As it turned out, we had only one class together, Miss Carver’s, but I saw Kelli often during the day, sometimes standing at her locker, sometimes sitting on the front steps, sometimes heading toward the line of yellow buses that waited in the school driveway in the afternoon. She took the one that headed toward Collier, a rural community some ten miles from Choctaw, and she always sat
near the front, either reading or staring silently out the window. She hadn’t spoken in class very often, and we had never done more than greet each other casually outside it, but that first allure still clung to her, and in any group my eye would single her out, as if in a large tableau she had been painted by a separate hand, one that was stronger and more skilled.
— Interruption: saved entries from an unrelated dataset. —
Lemma adjC (p q : V) : adj p q = adj q p.
Proof.
by rewrite /adj l1distC; case: (l1dist q p == 1)%N;
  case: (inD p); case: (inD q); case: (inB p); case: (inB q).
Qed.

Lemma adj_shift (p : V) i k : inD p -> (k <= n.+1)%N ->
  ((p i : nat) = k.+1 \/ k = (p i).+1) -> adj p (shift p i k).
Proof.
move=> Dp hk hpk; rewrite /adj l1dist_shift // Dp /= /inB Dp /= andbT.
case: (inD _) => //=; apply/existsP; exists p.
by rewrite Dp l1distC l1dist_shift.
Qed.

Lemma adj_notD_inB (p q : V) : adj p q -> ~~ inD q -> inB q.
Proof. by case/andP=> /andP[_ /orP[->|->]]. Qed.

Lemma adj_step (p r : V) : adj p r -> exists j, (forall k, k != j -> r k = p k) /\
  (((r j : nat) = (p j).+1 /\ ssum r = (ssum p).+1) \/
   ((r j).+1 = p j /\ (ssum r).+1 = ssum p))%N.
Proof.
case/andP=> /andP[/andP[/eqP/l1dist_eq1[j [offj hj]] _] _] _.
exists j; split => //.
have E : (ssum r + p j = ssum p + r j)%N.
  have rj : (r j <= n.+1)%N by rewrite -ltnS.
  have Er : shift p j (r j) = r.
    apply/ffunP => k; apply/val_inj; rewrite /= shiftE //.
    by case: eqVneq => [->|/offj ->].
  by rewrite -{1}Er ssum_shift.
lia.
Qed.

Lemma inB_adj_inD (b : V) : inB b -> exists q, adj b q /\ inD q.
Proof.
move=> Bb; have /andP[_ /existsP[q /andP[Dq /eqP bq]]] := Bb.
by exists q; rewrite /adj bq eqxx Bb Dq !orbT /= /inB Dq.
Qed.

Lemma adj_inD_unique (b q q' : V) : ~~ inD b ->
  adj b q -> inD q -> adj b q' -> inD q' -> q = q'.
Proof.
move=> nDb; have [i bi] := not_inD_coord nDb.
have step_at_i r : adj b r -> inD r ->
    (forall k, k != i -> r k = b k) /\ (r i : nat) = (if b i == 0 :> nat then 1 else n)%N.
  move=> abr /inDP Dr; have [j [offj hj]] := adj_step abr.
  have ji : j = i.
    by apply/eqP; apply: contraT => /eqP/nesym/eqP/offj rb; have := Dr i; rewrite rb; lia.
  by subst j; split => //; have := Dr i; case: eqP; lia.
move=> abq Dq abq' Dq'.
have [offq qi] := step_at_i q abq Dq; have [offq' q'i] := step_at_i q' abq' Dq'.
apply/ffunP => k; case: (eqVneq k i) => [->|ki]; last by rewrite offq // offq'.
by apply/val_inj; rewrite /= qi q'i.
Qed.
(* Let $(p_D)_{D\in\mathcal{I}}$ be a probability distribution on $\mathcal{I}$ and $X$ a random variable with $P(X=D)=p_D$. Define the guessing-entropy price $$p^G(\mathbf{Q})=G(X)-\sum_{E:\,p_E>0}p_E\cdot G(X\mid \mathbf{Q}(X)=E),\qquad p_E=\sum_{D:\mathbf{Q}(D)=E}p_D.$$ Then $p^G$ is an arbitrage-free instance-independent pricing function.
   Context: $\mathcal{I}$ is a countable nonempty set of database instances; queries are deterministic functions on $\mathcal{I}$; a query bundle is a finite tuple of queries from a language $\mathcal{L}$, evaluated componentwise; $B(\mathcal{L})$ is the set of bundles, closed under concatenation $\mathbf{Q}_1,\mathbf{Q}_2$. For a random variable $Y$ with values in a countable set, enumerate its values $y_1,y_2,\dots$ in order of non-increasing probability and set $G(Y)=\sum_i i\cdot P(Y=y_i)$ (guessing entropy; it is assumed $G(X)<\infty$ so that the price is defined). $G(X\mid\mathbf{Q}(X)=E)$ is the guessing entropy of the conditional distribution of $X$ given $\mathbf{Q}(X)=E$. An instance-independent pricing function $p$ is arbitrage-free if (i) whenever for all $D',D''\in\mathcal{I}$, $\mathbf{Q}_2(D')=\mathbf{Q}_2(D'')$ implies $\mathbf{Q}_1(D')=\mathbf{Q}_1(D'')$, we have $p(\mathbf{Q}_2)\ge p(\mathbf{Q}_1)$; and (ii) $p(\mathbf{Q}_1,\mathbf{Q}_2)\le p(\mathbf{Q}_1)+p(\mathbf{Q}_2)$ for all bundles. *)

From HB Require Import structures.
From Stdlib Require Import ClassicalEpsilon.
From mathcomp Require Import all_boot all_order all_algebra.
From mathcomp Require Import all_classical all_reals all_analysis.
Set Implicit Arguments. Unset Strict Implicit. Unset Printing Implicit Defensive.
Import Order.TTheory GRing.Theory Num.Theory.
Local Open Scope classical_set_scope.
Local Open Scope ring_scope.
(* Let $n\ge1$ and $0\le k\le n$. There exists a nonempty finite multiset $\{\mathcal{B}_1,\dots,\mathcal{B}_s\}$ of quadratic monomial bases of $Z_k$ which is $X$-balanced, i.e. such that, counting each monomial $x_ax_b$ in each $\mathcal{B}_\ell$ with the exponents of its variables and summing over $\ell=1,\dots,s$, every variable $x_0,\dots,x_n$ occurs the same total number of times.
   Context: Let $x_i:=z^i$ for $0\le i\le n$, and $Z_k:=\operatorname{span}\{z^i: k\le i\le 2n-k\}\subset\mathbb{C}[z]$. A quadratic monomial basis of $Z_k$ is a set of monomials $x_ax_b$ ($0\le a\le b\le n$) whose images $z^{a+b}$ form a basis of $Z_k$, i.e. the map $x_ax_b\mapsto a+b$ is a bijection from the set onto $\{k,k+1,\dots,2n-k\}$. *)

From mathcomp Require Import all_boot.
Set Implicit Arguments. Unset Strict Implicit. Unset Printing Implicit Defensive.

(* A monomial x_a x_b (0 <= a <= b <= n) is represented by the pair (a, b)
   of indices in 'I_n.+1; its image in C[z] is z^(a+b). *)
Definition monomial (n : nat) := ('I_n.+1 * 'I_n.+1)%type.

(* B is a quadratic monomial basis of Z_k = span{z^i : k <= i <= 2n-k}:
   all pairs satisfy a <= b, and (a,b) |-> a+b is a bijection from B
   onto {k, ..., 2n-k}. *)
Definition is_quad_monomial_basis (n k : nat) (B : {set monomial n}) : Prop :=
  (forall p, p \in B -> (p.1 <= p.2)%N) /\
  (forall p, p \in B -> (k <= p.1 + p.2 <= 2 * n - k)%N) /\
  {in B &, injective (fun p : monomial n => (p.1 + p.2)%N)} /\
  (forall m, (k <= m <= 2 * n - k)%N -> exists2 p, p \in B & (p.1 + p.2)%N = m).

Definition var_occ (n : nat) (i : 'I_n.+1) (p : monomial n) : nat :=
  ((p.1 == i) + (p.2 == i))%N.

Definition total_occ (n : nat) (s : seq {set monomial n}) (i : 'I_n.+1) : nat :=
  (\sum_(B <- s) \sum_(p in B) var_occ i p)%N.

Definition X_balanced (n : nat) (s : seq {set monomial n}) : Prop :=
  exists c, forall i : 'I_n.+1, total_occ s i = c.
In class, I listened to her comments more carefully than I listened to the others, and more carefully responded to them. I held back smiles, not wanting to appear boyish, and compliments, not wanting to fawn upon her. I had entered that early, vaguely calculating stage of secret courtship in which you premeditate and approve every word and gesture, and yet I can’t say that at that early point I was swept away by her. There is a kind of love that penetrates you painlessly, like the tiniest of needles, working its way through you so slowly and secretively that you do not feel it as a sudden sting, but as a steadily intensifying atmosphere.

So it was with Kelli Troy.

Still, there are times when I imagine it another way, as a sudden, heaving passion, the two of us in the grips of a love like Catherine and Heathcliff’s, the one I was reading about in
Wuthering Heights
that fall. I have even imagined a destiny that might follow such a passion. In this particular fantasy, there is a moment of mad love, and after that, Kelli and I flee Choctaw on a train, the two of us huddled in a boxcar, clutching each other, laughing wildly as the lights grow small and the valley broadens hour after hour until it finally opens up and fans out like a great bay, and it is dawn, and we are young, and nothing real ever touches us again.

Or this less improbable rendering: A letter comes. It is from the medical school of a great university in Boston or New York. There is a place for me. There is money for me. I show it to Kelli, then take her naked shoulders in my hands. I say, “Come with me.” She draws herself
more tightly into my arms and presses her face against my chest, and I know that her answer is yes.

At other times, the same hands reach out for the same bare shoulders, but she does not face me. Instead, she is running up the steep slope that leads to the mountain road, running like they ran, the ones she later told me about, the ones who gave their name to Breakheart Hill.

For what really happened never truly leaves me, no matter how often my imagination insists upon rewriting it. I hear the blow that echoed through the trees, see her fall to the ground, then rise and begin to stagger up the killing slope, arms reaching for her as she lunges through the undergrowth. I hear her moan as she sinks, exhausted, to the ground, then the sound of footsteps as they close in upon her from the crest of Breakheart Hill, and finally her last words, spoken as the final glimmer of her consciousness flickered out. And after that each life returns to me, each life that was destroyed in the deep woods that day, their faces circling in my mind, one behind the other, like heads on a potter’s wheel.